What to do:
From the top of the records below, return each line exactly, ending with the line that contains "(forall s, is_cis".

[Stored items]

(* For any two finite integer sequences $A$ and $B$, $\mathrm{lcis}(\mathrm{inflate}(A),\mathrm{inflate}(B))=2\cdot\mathrm{lcis}(A,B)$.
   Context: For integer sequences, $\mathrm{lcis}(X_1,\dots,X_k)$ denotes the length of the longest strictly increasing sequence that is a subsequence of each $X_i$. For $A=\langle a_0,\dots,a_{n-1}\rangle$, $\mathrm{inflate}(A)=\langle 2a_0-1,2a_0,2a_1-1,2a_1,\dots,2a_{n-1}-1,2a_{n-1}\rangle$. *)

From mathcomp Require Import all_boot all_order all_algebra.
Set Implicit Arguments. Unset Strict Implicit. Unset Printing Implicit Defensive.
Import Order.TTheory GRing.Theory Num.Theory.
Local Open Scope ring_scope.

Definition is_cis (s X Y : seq int) : bool :=
  [&& sorted (fun a b : int => a < b) s, subseq s X & subseq s Y].

(* lcis X Y = maximum length of a common strictly increasing subsequence;
   every subsequence of X is mask m X for some m of length size X. *)
Definition lcis (X Y : seq int) : nat :=
  (\max_(m : (size X).-tuple bool | is_cis (mask m X) X Y) size (mask m X))%N.

Definition inflate (A : seq int) : seq int :=
  flatten [seq [:: 2 * a - 1; 2 * a] | a <- A].

From mathcomp Require Import all_boot all_order all_algebra zify.
Import Order.TTheory GRing.Theory Num.Theory.

(** A common increasing subsequence of [A] and [B] inflates to one
    of twice the length.  Conversely, the even and the odd entries of a common
    increasing subsequence of the inflated sequences are images of common
    increasing subsequences of [A] and [B] under the order embeddings
    [a |-> 2a] and [a |-> 2a - 1], so each part has length at most [lcis A B]. *)

Local Open Scope ring_scope.

Lemma size_le_lcis s X Y : is_cis s X Y -> (size s <= lcis X Y)%N.
Proof.
move=> cis_s; have /and3P[_ /subseqP[m size_m def_s] _] := cis_s.
rewrite def_s in cis_s *.
by apply: (leq_bigmax_cond (Tuple (introT eqP size_m))).
Qed.

Lemma lcis_le X Y n :
  (forall s, is_cis s X Y -> size s <= n)%N -> (lcis X Y <= n)%N.
Proof. by move=> le_n; apply/bigmax_leqP => m /le_n. Qed.

Lemma lcis_witness X Y : exists2 s, is_cis s X Y & size s = lcis X Y.
Proof.
pose m0 := nseq_tuple (size X) false.
have cis0 : is_cis (mask m0 X) X Y by rewrite mask_false /is_cis !sub0seq.
rewrite /lcis (bigop.bigmax_eq_arg m0 cis0); case: arg_maxnP => //= m cis_m _.
by exists (mask m X).
Qed.

Lemma is_cis_filter (p : pred int) s X Y :
  is_cis s X Y -> is_cis (filter p s) (filter p X) (filter p Y).
Proof.
case/and3P=> sorted_s sub_sX sub_sY; apply/and3P; split.
- by apply: sorted_filter sorted_s => y x z; apply: lt_trans.
- by rewrite subseq_filter filter_all (subseq_trans (filter_subseq _ _)).
- by rewrite subseq_filter filter_all (subseq_trans (filter_subseq _ _)).
Qed.

Lemma subseq_map_inj (T1 T2 : eqType) (f : T1 -> T2) s X :
  injective f -> subseq (map f s) (map f X) = subseq s X.
Proof.
move=> f_inj; apply/idP/idP; last exact: map_subseq.
case/subseqP=> m _; rewrite -map_mask => /(inj_map f_inj) ->.
exact: mask_subseq.
Qed.

Section MonotoneMap.

Variable g : int -> int.
Hypothesis g_mono : {mono g : x y / x < y}.

Let g_inj : injective g.
Proof. by apply/inc_inj/le_mono => x y; rewrite g_mono. Qed.

Lemma is_cis_map s X Y :
  is_cis (map g s) (map g X) (map g Y) = is_cis s X Y.
Proof.
by rewrite /is_cis !subseq_map_inj // sorted_map (eq_sorted g_mono).
Qed.

Lemma lcis_map X Y : lcis (map g X) (map g Y) = lcis X Y.
Proof.
apply/eqP; rewrite eqn_leq; apply/andP; split; apply: lcis_le => s cis_s.
- have /and3P[_ /subseqP[m _ def_s] _] := cis_s.
  rewrite -map_mask in def_s; rewrite def_s is_cis_map in cis_s.
  by rewrite def_s size_map size_le_lcis.
- by rewrite -(size_map g) size_le_lcis // is_cis_map.
Qed.

End MonotoneMap.

Lemma inflate_cons a A : inflate (a :: A) = 2 * a - 1 :: 2 * a :: inflate A.
Proof. by []. Qed.

Lemma size_inflate A : size (inflate A) = (2 * size A)%N.
Proof. by elim: A => //= a A ->; rewrite mulnS. Qed.

Lemma subseq_inflate s X : subseq s X -> subseq (inflate s) (inflate X).
Proof.
elim: X s => [|x X IH] [|y s] //.
rewrite inflate_cons [subseq _ (x :: X)]/=.
case: eqP => [-> /IH|_ /IH sub_s]; first by rewrite inflate_cons /= !eqxx.
apply: (subseq_trans sub_s); apply: (subseq_trans (subseq_cons _ (2 * x))).
exact: subseq_cons.
Qed.

Lemma path_inflate x s :
  path (fun a b : int => a < b) x s ->
  path (fun a b : int => a < b) (2 * x) (inflate s).
Proof.
elim: s x => [|y s IH] x //; rewrite inflate_cons /= => /andP[lt_xy /IH path_y].
by apply/and3P; split => //; lia.
Qed.

Lemma sorted_inflate s :
  sorted (fun a b : int => a < b) s -> sorted (fun a b : int => a < b) (inflate s).
Proof.
case: s => [|x s] // /path_inflate path_x; rewrite inflate_cons /=.
by apply/andP; split => //; lia.
Qed.

Lemma is_cis_inflate s X Y :
  is_cis s X Y -> is_cis (inflate s) (inflate X) (inflate Y).
Proof.
by case/and3P=> sorted_s sub_sX sub_sY; rewrite /is_cis sorted_inflate ?subseq_inflate.
Qed.

Lemma dvdz2_double_sub1 (a : int) : (2 %| 2 * a - 1)%Z = false.
Proof. by apply/negbTE; lia. Qed.

Lemma filter_even_inflate A :
  [seq x <- inflate A | (2 %| x)%Z] = [seq 2 * a | a <- A].
Proof.
elim: A => // a A IH.
by rewrite inflate_cons /= -/(inflate A) dvdz2_double_sub1 dvdz_mulr // IH.
Qed.

Lemma filter_odd_inflate A :
  [seq x <- inflate A | ~~ (2 %| x)%Z] = [seq 2 * a - 1 | a <- A].
Proof.
elim: A => // a A IH.
by rewrite inflate_cons /= -/(inflate A) dvdz2_double_sub1 dvdz_mulr // IH.
Qed.

Theorem lemma9 (A B : seq int) :
  lcis (inflate A) (inflate B) = (2 * lcis A B)%N.
Proof.
apply/eqP; rewrite eqn_leq; apply/andP; split.
- apply: lcis_le => s /(is_cis_filter _) cis_s.
  rewrite -(count_predC (fun x : int => (2 %| x)%Z)) -!size_filter mul2n -addnn.
  apply: leq_add.
  + rewrite -(@lcis_map (fun a => 2 * a)); last by move=> x y; lia.
    by rewrite -!filter_even_inflate size_le_lcis.
  + rewrite -(@lcis_map (fun a => 2 * a - 1)); last by move=> x y; lia.
    by rewrite -!filter_odd_inflate size_le_lcis.
- have [t cis_t <-] := lcis_witness A B.
  by rewrite -size_inflate size_le_lcis // is_cis_inflate.
Qed.
(* Let $\tau$ be a traversal sequence, and let $\mathbf{w}=\langle w^1,\dots,w^n\rangle$ and $\tilde{\mathbf{w}}=\langle\tilde w^1,\dots,\tilde w^n\rangle$ be two sequences of tasks such that $\tilde w^i_s\le w^i_s$ for every $i\in\{1,\dots,n\}$ and every state $s$. Then the total work done by the fractional traversal algorithm with respect to $\tau$ and $\mathbf{w}$ is at least the total work done with respect to $\tau$ and $\tilde{\mathbf{w}}$.
   Context: A metrical task system has states $S=\{1,\dots,m\}$ and a symmetric non-negative matrix $(d_{st})$ with $d_{ss}=0$ satisfying the triangle inequality. A task is a vector $w\in\mathbb{R}_{\ge0}^m$. A traversal sequence is an infinite sequence $\tau=\tau_1,\tau_2,\dots$ of states. Write $\delta_{\ell,\ell'}=\sum_{j=\min(\ell,\ell')}^{\max(\ell,\ell')-1}d_{\tau_j\tau_{j+1}}$. Fractional traversal algorithm on $\tau$: it keeps a position $j$ (initially $t_0=1$) and the work $\rho$ done at the current position since arriving there (initially $0$). On a task $w$, with remaining fraction $f=1$, it repeats while $f>0$: $\lambda\gets\min\{(d_{\tau_j\tau_{j+1}}-\rho)/w_{\tau_j},\,f\}$ (interpreted as $f$ if $w_{\tau_j}=0$), $\rho\gets\rho+\lambda w_{\tau_j}$ (work $\lambda w_{\tau_j}$ is done in state $\tau_j$), $f\gets f-\lambda$, and if $\rho=d_{\tau_j\tau_{j+1}}$ then $j\gets j+1$, $\rho\gets0$. If $t_n$ is the position after processing $n$ tasks and $\rho_{t_n}$ the current value of $\rho$, the total work done is $\delta_{t_0,t_n}+\rho_{t_n}$. *)

From mathcomp Require Import ssreflect ssrbool eqtype ssrnat fintype.
From Stdlib Require Import Reals.

Local Open Scope R_scope.

Section FT.
Variable (m : nat) (d : 'I_m -> 'I_m -> R) (tau : nat -> 'I_m).

Fixpoint pathlen (l k : nat) : R :=
  match k with
  | O => 0
  | S k' => d (tau l) (tau (S l)) + pathlen (S l) k'
  end.

Definition delta (l l' : nat) : R :=
  pathlen (Nat.min l l') (Nat.max l l' - Nat.min l l').

(* One iteration of the inner while-loop body on a task w.
   Configuration: (position j, work rho at current position, remaining f). *)
Definition ft_step (w : 'I_m -> R) (c : nat * R * R) : nat * R * R :=
  let '(j, rho, f) := c in
  let s := tau j in
  let D := d s (tau (S j)) in
  let lam := if Req_EM_T (w s) 0 then f else Rmin ((D - rho) / w s) f in
  let rho' := rho + lam * w s in
  let f' := f - lam in
  if Req_EM_T rho' D then (S j, 0, f') else (j, rho', f').

Definition ft_iter (w : 'I_m -> R) (k : nat) (j : nat) (rho : R) : nat * R * R :=
  Nat.iter k (ft_step w) (j, rho, 1).

Definition conf_f (c : nat * R * R) : R := let '(_, _, f) := c in f.

Definition ft_task (w : 'I_m -> R) (j : nat) (rho : R) (j' : nat) (rho' : R) : Prop :=
  exists k, (forall k', (k' < k)%nat -> conf_f (ft_iter w k' j rho) > 0) /\
            conf_f (ft_iter w k j rho) <= 0 /\
            (let '(j2, rho2, _) := ft_iter w k j rho in j2 = j' /\ rho2 = rho').

Inductive ft_run (ws : nat -> 'I_m -> R) : nat -> nat -> R -> Prop :=
  | ft_run0 : ft_run ws 0 1 0
  | ft_runS i j rho j' rho' :
      ft_run ws i j rho -> ft_task (ws (S i)) j rho j' rho' ->
      ft_run ws (S i) j' rho'.

Definition total_work (j : nat) (rho : R) : R := delta 1 j + rho.

End FT.

From mathcomp Require Import ssreflect ssrfun ssrbool eqtype ssrnat fintype zify.
From Stdlib Require Import Reals Lra Psatz.
Local Open Scope R_scope.

(* A configuration (j, rho) of the algorithm is compared lexicographically,
   and the total work is monotone for this order.  Processing one task, the
   run with the lighter weights stays lexicographically behind: while it is
   at an earlier position it can at most reach the other run's position with
   no work done there, and at a common position each step of the lighter run
   does no more work while leaving no more of the task's fraction unspent. *)

Section Traversal.
Variables (m : nat) (d : 'I_m -> 'I_m -> R) (tau : nat -> 'I_m).
Hypothesis d_nonneg : forall s t, 0 <= d s t.

Definition edge (j : nat) : R := d (tau j) (tau j.+1).

Lemma edge_ge0 j : 0 <= edge j.
Proof. exact: d_nonneg. Qed.

Definition conf_le (p q : nat * R) : Prop :=
  (p.1 < q.1)%nat \/ p.1 = q.1 /\ p.2 <= q.2.

Definition conf_valid (p : nat * R) : Prop := 0 <= p.2 <= edge p.1.

Lemma conf_le_refl p : conf_le p p.
Proof. by right; split; [|lra]. Qed.

Lemma conf_le_trans p q r : conf_le p q -> conf_le q r -> conf_le p r.
Proof.
rewrite /conf_le => [[Hpq|[Epq Hpq]] [Hqr|[Eqr Hqr]]];
  by [left; lia | right; split; [congruence | lra]].
Qed.

Definition ft_amount (W gap f : R) : R :=
  if Req_EM_T W 0 then f else Rmin (gap / W) f.

Definition settle (j : nat) (x : R) : nat * R :=
  if Req_EM_T x (edge j) then (j.+1, 0) else (j, x).

Lemma ft_stepE w j r f :
  ft_step m d tau w (j, r, f) =
  let lam := ft_amount (w (tau j)) (edge j - r) f in
  (settle j (r + lam * w (tau j)), f - lam).
Proof. by rewrite /ft_step /settle /ft_amount /edge /=; case: ifP. Qed.

Lemma ft_amount_bounds W gap f : 0 <= W -> 0 <= gap -> 0 <= f ->
  0 <= ft_amount W gap f <= f /\ ft_amount W gap f * W <= gap.
Proof.
rewrite /ft_amount => HW Hgap Hf; case: Req_EM_T => [W0|HW0] /=; first by subst W; lra.
have HWpos : 0 < W by lra.
have Hq : gap / W * W = gap by field; lra.
have Hq0 : 0 <= gap / W by nra.
rewrite /Rmin; case: Rle_dec => ?; nra.
Qed.

Lemma ft_amount_mono Wt W rt r D ft f :
  0 <= Wt <= W -> rt <= r <= D -> 0 <= ft <= f ->
  let lt := ft_amount Wt (D - rt) ft in let l := ft_amount W (D - r) f in
  rt + lt * Wt <= r + l * W /\ ft - lt <= f - l.
Proof.
move=> HW Hr Hf lt l.
have [Hl Hlgap] : 0 <= l <= f /\ l * W <= D - r by apply: ft_amount_bounds; lra.
rewrite /lt /l /ft_amount in Hl Hlgap *.
move: Hl Hlgap; case: (Req_EM_T W 0) => [W0|W0] /= Hl Hlgap.
  have Wt0 : Wt = 0 by lra.
  by subst; case: Req_EM_T => //= _; lra.
case: (Req_EM_T Wt 0) => [Wt0|Wt0] /=; first by subst; nra.
have HW' : 0 < W by lra.
have HWt : 0 < Wt by lra.
have Hq : (D - r) / W * W = D - r by field; lra.
have Hqt : (D - rt) / Wt * Wt = D - rt by field; lra.
(* the heavier task needs no more time to close its smaller gap *)
have Hcmp : (D - r) / W <= (D - rt) / Wt.
{ set a := (D - r) / W in Hq *; set b := (D - rt) / Wt in Hqt *.
  have Ha : 0 <= a by nra.
  have : a * Wt <= b * Wt by nra.
  by move/(Rmult_le_reg_r _ _ _ HWt). }
rewrite /Rmin in Hl Hlgap *; do 2 case: Rle_dec => ? /=; nra.
Qed.

Lemma settle_valid j x : 0 <= x <= edge j -> conf_valid (settle j x).
Proof.
rewrite /settle /conf_valid => Hx; case: Req_EM_T => _ //=.
by split; [lra | apply: edge_ge0].
Qed.

Lemma settle_ge j r x : r <= x -> conf_le (j, r) (settle j x).
Proof.
rewrite /settle /conf_le => Hx; case: Req_EM_T => _ /=; first by left.
by right; split.
Qed.

Lemma settle_mono j xt x : xt <= x <= edge j ->
  conf_le (settle j xt) (settle j x).
Proof.
rewrite /settle /conf_le => Hx.
case: (Req_EM_T x (edge j)) => Ex; case: Req_EM_T => Ext /=.
- by right; split; [|lra].
- by left.
- by case: Ex; lra.
- by right; split; [|lra].
Qed.

Lemma settle_below jt x j r : (jt < j)%nat -> 0 <= r ->
  conf_le (settle jt x) (j, r).
Proof.
rewrite /settle /conf_le => Hj Hr; case: Req_EM_T => _ /=; last by left.
by case: (ltnP jt.+1 j) => ?; [left | right; split; [lia | lra]].
Qed.

Lemma ft_step_progress w j r f : (forall s, 0 <= w s) ->
  conf_valid (j, r) -> 0 <= f ->
  let c := ft_step m d tau w (j, r, f) in
  conf_valid c.1 /\ conf_le (j, r) c.1 /\ c.2 <= f.
Proof.
move=> Hw Hr Hf c; rewrite /c /conf_valid ft_stepE /= in Hr *.
set lam := ft_amount _ _ f.
have [Hl Hlgap] : 0 <= lam <= f /\ lam * w (tau j) <= edge j - r.
  by apply: ft_amount_bounds => //; lra.
have Hwork : 0 <= lam * w (tau j) by apply: Rmult_le_pos; [lra | apply: Hw].
split; [apply: settle_valid | split; [apply: settle_ge|]]; lra.
Qed.

Lemma ft_step_mono w wt j rt r ft f :
  0 <= wt (tau j) <= w (tau j) -> 0 <= rt <= r -> r <= edge j -> 0 <= ft <= f ->
  let ct := ft_step m d tau wt (j, rt, ft) in
  let c := ft_step m d tau w (j, r, f) in
  conf_le ct.1 c.1 /\ ct.2 <= c.2.
Proof.
move=> Hw Hr HrD Hf ct c; rewrite /ct /c !ft_stepE /=.
have [Hx Hf'] := ft_amount_mono (wt (tau j)) (w (tau j)) rt r (edge j) ft f
                   Hw ltac:(lra) Hf.
have [Hl Hlgap] := ft_amount_bounds (w (tau j)) (edge j - r) f ltac:(lra)
                     ltac:(lra) ltac:(lra).
split=> //; apply: settle_mono; nra.
Qed.

Lemma ft_step_below w jt rt ft j r : (jt < j)%nat -> 0 <= r ->
  conf_le (ft_step m d tau w (jt, rt, ft)).1 (j, r).
Proof. by rewrite ft_stepE; apply: settle_below. Qed.

Inductive ft_loop (w : 'I_m -> R) : nat * R * R -> nat * R -> Prop :=
  | ft_loop_stop c : c.2 <= 0 -> ft_loop w c c.1
  | ft_loop_step c a : 0 < c.2 -> ft_loop w (ft_step m d tau w c) a ->
      ft_loop w c a.

Lemma ft_loop_next w c a : 0 < c.2 -> ft_loop w c a ->
  ft_loop w (ft_step m d tau w c) a.
Proof. by move=> Hc Hloop; case: Hloop Hc => [c' Hstop Hc | //]; lra. Qed.

Lemma ft_loop_iter w k c :
  (forall k', (k' < k)%nat -> 0 < (Nat.iter k' (ft_step m d tau w) c).2) ->
  (Nat.iter k (ft_step m d tau w) c).2 <= 0 ->
  ft_loop w c (Nat.iter k (ft_step m d tau w) c).1.
Proof.
elim: k c => [|k IHk] c Hpos Hstop; first exact: ft_loop_stop.
apply: ft_loop_step; first exact: (Hpos 0%nat (ltn0Sn k)).
rewrite Nat.iter_succ_r in Hstop *; apply: IHk Hstop => k' Hk'.
by rewrite -Nat.iter_succ_r; apply: Hpos.
Qed.

Lemma ft_task_loop w j r j' r' :
  ft_task m d tau w j r j' r' -> ft_loop w (j, r, 1) (j', r').
Proof.
have conf_fE c : conf_f c = c.2 by case: c => [[]].
case=> k []; rewrite /ft_iter => Hpos [].
have := ft_loop_iter w k (j, r, 1).
case: (Nat.iter k _ _) => [[j2 r2] f2] Hloop Hstop [<- <-].
by apply: Hloop; [move=> k' /Hpos; rewrite conf_fE | rewrite -conf_fE].
Qed.

Lemma ft_loop_valid w c a : (forall s, 0 <= w s) -> ft_loop w c a ->
  conf_valid c.1 -> conf_valid a /\ conf_le c.1 a.
Proof.
move=> Hw; elim=> {c a} [c _ Hc | [[j r] f] a Hf _ IH Hc] /=.
  by split=> //; apply: conf_le_refl.
have [Hv [Hle _]] := ft_step_progress w j r f Hw Hc (Rlt_le _ _ Hf).
have [Ha Hle'] := IH Hv.
by split=> //; apply: conf_le_trans Hle Hle'.
Qed.

(* The hypothesis [ct.2 <= c.2] on the remaining fractions is the invariant
   that makes the induction go through. *)
Lemma ft_loop_mono w wt (Hw : forall s, 0 <= w s) (Hwt : forall s, 0 <= wt s)
  (Hle : forall s, wt s <= w s) ct at_ :
  ft_loop wt ct at_ -> forall c a, ft_loop w c a ->
  conf_valid ct.1 -> conf_valid c.1 -> ct.2 <= c.2 -> conf_le ct.1 c.1 ->
  conf_le at_ a.
Proof.
elim=> {ct at_} [ct _ | [[jt rt] ft] at_ Hft _ IH] c a Hloop Hvt Hv Hf Hconf.
  by apply: conf_le_trans Hconf (proj2 (ft_loop_valid _ _ _ Hw Hloop Hv)).
move: Hloop Hv Hf Hconf; case: c => [[j r] f] Hloop Hv /= Hf Hconf.
rewrite /= in Hft Hvt Hv.
have [Hvt' [_ Hft']] := ft_step_progress wt jt rt ft Hwt Hvt (Rlt_le _ _ Hft).
set ct' := ft_step m d tau wt (jt, rt, ft) in Hvt' Hft' IH *.
case: Hconf => [Hlt | [/= Ej Hr]].
  by apply: IH Hloop Hvt' Hv _ (ft_step_below _ _ _ _ _ _ Hlt (proj1 Hv)) => /=; lra.
subst jt; have Hloop' := ft_loop_next w (j, r, f) a (Rlt_le_trans _ _ _ Hft Hf) Hloop.
have [Hconf' Hf''] := ft_step_mono w wt j rt r ft f
  (conj (Hwt _) (Hle _)) (conj (proj1 Hvt) Hr) (proj2 Hv) (conj (Rlt_le _ _ Hft) Hf).
have [Hv' _] := ft_step_progress w j r f Hw Hv ltac:(lra).
exact: IH Hloop' Hvt' Hv' Hf'' Hconf'.
Qed.

Lemma pathlenS l k : pathlen m d tau l k.+1 = edge l + pathlen m d tau l.+1 k.
Proof. by []. Qed.

Lemma pathlen_snoc l k :
  pathlen m d tau l k.+1 = pathlen m d tau l k + edge (l + k).
Proof.
elim: k l => [|k IHk] l; first by rewrite pathlenS addn0 /=; lra.
by rewrite pathlenS IHk pathlenS addSnnS; lra.
Qed.

Lemma pathlen_le l k k' : (k <= k')%nat ->
  pathlen m d tau l k <= pathlen m d tau l k'.
Proof.
move=> /subnK <-; elim: (k' - k)%nat => [|i IHi]; first by rewrite add0n; lra.
by rewrite addSn pathlen_snoc; have := edge_ge0 (l + (i + k)); lra.
Qed.

Lemma total_workE j r : (0 < j)%nat ->
  total_work m d tau j r = pathlen m d tau 1 j.-1 + r.
Proof.
move=> Hj; rewrite /total_work /delta Nat.min_l ?Nat.max_r ?subn1 //; lia.
Qed.

Lemma total_work_mono jt rt j r : (0 < jt)%nat -> conf_valid (jt, rt) -> 0 <= r ->
  conf_le (jt, rt) (j, r) -> total_work m d tau jt rt <= total_work m d tau j r.
Proof.
rewrite /conf_valid /= => Hjt Hvt Hr [/= Hlt | [/= <- Hle]];
  last by rewrite !total_workE //; lra.
have Hj : (0 < j)%nat by lia.
have Hsnoc : pathlen m d tau 1 jt = pathlen m d tau 1 jt.-1 + edge jt.
  by rewrite -{1}(prednK Hjt) pathlen_snoc add1n prednK.
have := pathlen_le 1 jt j.-1 ltac:(lia).
rewrite !total_workE //; lra.
Qed.

Lemma ft_run_valid n ws (Hws : forall i s, (1 <= i <= n)%nat -> 0 <= ws i s)
  i j r : ft_run m d tau ws i j r -> (i <= n)%nat ->
  conf_valid (j, r) /\ (0 < j)%nat.
Proof.
elim=> {i j r} [|i j r j' r' _ IH Htask] Hi.
  by split=> //; rewrite /conf_valid /=; split; [lra | apply: edge_ge0].
have [Hv Hj] := IH ltac:(lia).
have Hw s : 0 <= ws i.+1 s by apply: Hws; lia.
have [Hv' Hle] := ft_loop_valid _ _ _ Hw (ft_task_loop _ _ _ _ _ Htask) Hv.
by split=> //; case: Hle => /= [|[]]; lia.
Qed.

Lemma ft_run_mono n w wt
  (w_nonneg : forall i s, (1 <= i <= n)%nat -> 0 <= w i s)
  (wt_nonneg : forall i s, (1 <= i <= n)%nat -> 0 <= wt i s)
  (wt_le_w : forall i s, (1 <= i <= n)%nat -> wt i s <= w i s)
  i j r : ft_run m d tau w i j r -> (i <= n)%nat ->
  forall jt rt, ft_run m d tau wt i jt rt -> conf_le (jt, rt) (j, r).
Proof.
elim=> {i j r} [|i j r j' r' Hrun IH Htask] Hi jt rt Hrunt.
  by inversion Hrunt; apply: conf_le_refl.
inversion Hrunt as [|i' jt0 rt0 ? ? Hrunt0 Htaskt]; subst.
have Hi' : (1 <= i.+1 <= n)%nat by lia.
have [Hv _] := ft_run_valid n w w_nonneg i j r Hrun ltac:(lia).
have [Hvt _] := ft_run_valid n wt wt_nonneg i jt0 rt0 Hrunt0 ltac:(lia).
apply: (ft_loop_mono _ _ (w_nonneg _ ^~ Hi') (wt_nonneg _ ^~ Hi')
          (wt_le_w _ ^~ Hi') _ _ (ft_task_loop _ _ _ _ _ Htaskt) _ _
          (ft_task_loop _ _ _ _ _ Htask)) => //=; first lra.
exact: IH (ltnW Hi) _ _ Hrunt0.
Qed.

End Traversal.

Theorem lemma1 (m : nat) (d : 'I_m -> 'I_m -> R)
  (d_refl : forall s, d s s = 0)
  (d_nonneg : forall s t, 0 <= d s t)
  (d_sym : forall s t, d s t = d t s)
  (d_tri : forall s t u, d s u <= d s t + d t u)
  (tau : nat -> 'I_m) (n : nat) (w wt : nat -> 'I_m -> R)
  (w_nonneg : forall i s, (1 <= i <= n)%nat -> 0 <= w i s)
  (wt_nonneg : forall i s, (1 <= i <= n)%nat -> 0 <= wt i s)
  (wt_le_w : forall i s, (1 <= i <= n)%nat -> wt i s <= w i s)
  (j : nat) (rho : R) (jt : nat) (rhot : R)
  (Hrun : @ft_run m d tau w n j rho)
  (Hrunt : @ft_run m d tau wt n jt rhot) :
  @total_work m d tau jt rhot <= @total_work m d tau j rho.
Proof.
have run_valid := ft_run_valid m d tau d_nonneg n.
have [[Hrho _] _] := run_valid w w_nonneg n j rho Hrun (leqnn n).
have [Hvt Hjt] := run_valid wt wt_nonneg n jt rhot Hrunt (leqnn n).
apply: (total_work_mono m d tau d_nonneg) Hjt Hvt Hrho _.
exact: (ft_run_mono m d tau d_nonneg n w wt w_nonneg wt_nonneg wt_le_w n j rho Hrun
          (leqnn n) jt rhot Hrunt).
Qed.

Reply to the exercise:
(* For any two finite integer sequences $A$ and $B$, $\mathrm{lcis}(\mathrm{inflate}(A),\mathrm{inflate}(B))=2\cdot\mathrm{lcis}(A,B)$.
   Context: For integer sequences, $\mathrm{lcis}(X_1,\dots,X_k)$ denotes the length of the longest strictly increasing sequence that is a subsequence of each $X_i$. For $A=\langle a_0,\dots,a_{n-1}\rangle$, $\mathrm{inflate}(A)=\langle 2a_0-1,2a_0,2a_1-1,2a_1,\dots,2a_{n-1}-1,2a_{n-1}\rangle$. *)

From mathcomp Require Import all_boot all_order all_algebra.
Set Implicit Arguments. Unset Strict Implicit. Unset Printing Implicit Defensive.
Import Order.TTheory GRing.Theory Num.Theory.
Local Open Scope ring_scope.

Definition is_cis (s X Y : seq int) : bool :=
  [&& sorted (fun a b : int => a < b) s, subseq s X & subseq s Y].

(* lcis X Y = maximum length of a common strictly increasing subsequence;
   every subsequence of X is mask m X for some m of length size X. *)
Definition lcis (X Y : seq int) : nat :=
  (\max_(m : (size X).-tuple bool | is_cis (mask m X) X Y) size (mask m X))%N.

Definition inflate (A : seq int) : seq int :=
  flatten [seq [:: 2 * a - 1; 2 * a] | a <- A].

From mathcomp Require Import all_boot all_order all_algebra zify.
Import Order.TTheory GRing.Theory Num.Theory.

(** A common increasing subsequence of [A] and [B] inflates to one
    of twice the length.  Conversely, the even and the odd entries of a common
    increasing subsequence of the inflated sequences are images of common
    increasing subsequences of [A] and [B] under the order embeddings
    [a |-> 2a] and [a |-> 2a - 1], so each part has length at most [lcis A B]. *)

Local Open Scope ring_scope.

Lemma size_le_lcis s X Y : is_cis s X Y -> (size s <= lcis X Y)%N.
Proof.
move=> cis_s; have /and3P[_ /subseqP[m size_m def_s] _] := cis_s.
rewrite def_s in cis_s *.
by apply: (leq_bigmax_cond (Tuple (introT eqP size_m))).
Qed.

Lemma lcis_le X Y n :
  (forall s, is_cis s X Y -> size s <= n)%N -> (lcis X Y <= n)%N.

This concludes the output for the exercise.